#### WHAT THE TASK ASKS:
Output exactly the line that includes "rewrite -[A]submxK ul1;" and all the lines after it through the end of the listing below, and nothing more.
^^^^
Lemma invertible_block_diag m n (P : 'M[R]_m) (P' : 'M[R]_n) :
  invertible_mx P -> invertible_mx P' -> invertible_mx (block_mx P 0 0 P').
Proof.
move=> [Pi [PPi PiP]] [P'i [P'P'i P'iP']]; exists (block_mx Pi 0 0 P'i).
by rewrite !mulmx_block !(mulmx0, mul0mx, addr0, add0r) PPi PiP P'P'i P'iP' -scalar_mx_block.
Qed.

Lemma invertible_lower_mx m n (v : 'M[R]_(n, m)) :
  invertible_mx (block_mx 1%:M 0 v 1%:M).
Proof.
exists (block_mx 1%:M 0 (- v) 1%:M); rewrite !mulmx_block.
by rewrite !(mulmx0, mul0mx, mul1mx, mulmx1, addr0, add0r) subrr addNr -scalar_mx_block.
Qed.

Lemma invertible_upper_mx m n (u : 'M[R]_(m, n)) :
  invertible_mx (block_mx 1%:M u 0 1%:M).
Proof.
exists (block_mx 1%:M (- u) 0 1%:M); rewrite !mulmx_block.
by rewrite !(mulmx0, mul0mx, mul1mx, mulmx1, addr0, add0r) subrr addNr -scalar_mx_block.
Qed.

Lemma mx_equiv_block1 m n (B D : 'M[R]_(m, n)) : mx_equiv B D ->
  mx_equiv (block_mx (1%:M : 'M_1) 0 0 B) (block_mx 1%:M 0 0 D).
Proof.
move=> [P [Q [HP HQ <-]]]; exists (block_mx 1%:M 0 0 P), (block_mx 1%:M 0 0 Q).
split; [exact: invertible_block_diag (invertible_mx1 _ _) _..|].
by rewrite !mulmx_block !(mulmx0, mul0mx, mul1mx, mulmx1, addr0, add0r).
Qed.

Lemma mx_equiv_pivot1 m n (A : 'M[R]_(1 + m, 1 + n)) :
  A ord0 ord0 = 1 -> exists B, mx_equiv A (block_mx (1%:M : 'M_1) 0 0 B).
Proof.
move=> A00; have ul1 : ulsubmx A = 1%:M.
  by apply/matrixP => i j; rewrite !ord1 !mxE -A00; congr (A _ _); apply: val_inj.
rewrite -[A]submxK ul1; exists (drsubmx A - dlsubmx A *m ursubmx A).
exists (block_mx 1%:M 0 (- dlsubmx A) 1%:M), (block_mx 1%:M (- ursubmx A) 0 1%:M).
split; [exact: invertible_lower_mx | exact: invertible_upper_mx |].
rewrite !mulmx_block !(mulmx0, mul0mx, mul1mx, mulmx1, addr0, add0r, mulNmx, mulmxN).
by rewrite !addNr mul0mx oppr0 add0r addrC.
Qed.

End Blocks.

Section Diagonalization.
Variables (R : nzRingType) (bezR : bezout_domain R).

Let domR : domain R := bezR.1.

Lemma first_col_reduce m n (A : 'M[R]_(m.+1, n.+1)) : A != 0 -> exists A' g,
  [/\ mx_equiv A A', g != 0 & forall i, A' i ord0 = if i == ord0 then g else 0].
Proof.
case/matrix0Pn=> i [j Aij]; have [P [g [HP PA]]] := col_reduce_mx bezR A j.
have g0 : g != 0.
  apply: contra_neq Aij => g0; have [P' [_ P'P]] := HP.
  rewrite -[A]mul1mx -P'P -mulmxA mxE (big_only1 ord0) // => [|l l0 _].
    by rewrite PA eqxx g0 mulr0.
  by rewrite PA (negPf l0) mulr0.
have [j0|j0] := eqVneq j ord0.
  by exists (P *m A), g; split=> //; [apply: mx_equiv_mull | rewrite -j0].
pose S : 'M[R]_n.+1 := embed2_mx j 0 1 1 0.
have S_inv : invertible_mx S.
  apply: (embed2_mx_invertible j0 (a' := 0) (b' := 1) (c' := 1) (d' := 0)).
  by split; split; rewrite !(mul0r, mul1r, addr0, add0r).
exists (P *m A *m S), g; split=> //.
  exact: mx_equiv_trans (mx_equiv_mull A HP) (mx_equiv_mulr _ S_inv).
by move=> i'; rewrite mul_mx_embed2 // mxE eqxx mulr0 add0r mulr1 PA.
Qed.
^^^^
#### EXPECTED ANSWER:
rewrite -[A]submxK ul1; exists (drsubmx A - dlsubmx A *m ursubmx A).
exists (block_mx 1%:M 0 (- dlsubmx A) 1%:M), (block_mx 1%:M (- ursubmx A) 0 1%:M).
split; [exact: invertible_lower_mx | exact: invertible_upper_mx |].
rewrite !mulmx_block !(mulmx0, mul0mx, mul1mx, mulmx1, addr0, add0r, mulNmx, mulmxN).
by rewrite !addNr mul0mx oppr0 add0r addrC.
Qed.

End Blocks.

Section Diagonalization.
Variables (R : nzRingType) (bezR : bezout_domain R).

Let domR : domain R := bezR.1.

Lemma first_col_reduce m n (A : 'M[R]_(m.+1, n.+1)) : A != 0 -> exists A' g,
  [/\ mx_equiv A A', g != 0 & forall i, A' i ord0 = if i == ord0 then g else 0].
Proof.
case/matrix0Pn=> i [j Aij]; have [P [g [HP PA]]] := col_reduce_mx bezR A j.
have g0 : g != 0.
  apply: contra_neq Aij => g0; have [P' [_ P'P]] := HP.
  rewrite -[A]mul1mx -P'P -mulmxA mxE (big_only1 ord0) // => [|l l0 _].
    by rewrite PA eqxx g0 mulr0.
  by rewrite PA (negPf l0) mulr0.
have [j0|j0] := eqVneq j ord0.
  by exists (P *m A), g; split=> //; [apply: mx_equiv_mull | rewrite -j0].
pose S : 'M[R]_n.+1 := embed2_mx j 0 1 1 0.
have S_inv : invertible_mx S.
  apply: (embed2_mx_invertible j0 (a' := 0) (b' := 1) (c' := 1) (d' := 0)).
  by split; split; rewrite !(mul0r, mul1r, addr0, add0r).
exists (P *m A *m S), g; split=> //.
  exact: mx_equiv_trans (mx_equiv_mull A HP) (mx_equiv_mulr _ S_inv).
by move=> i'; rewrite mul_mx_embed2 // mxE eqxx mulr0 add0r mulr1 PA.
Qed.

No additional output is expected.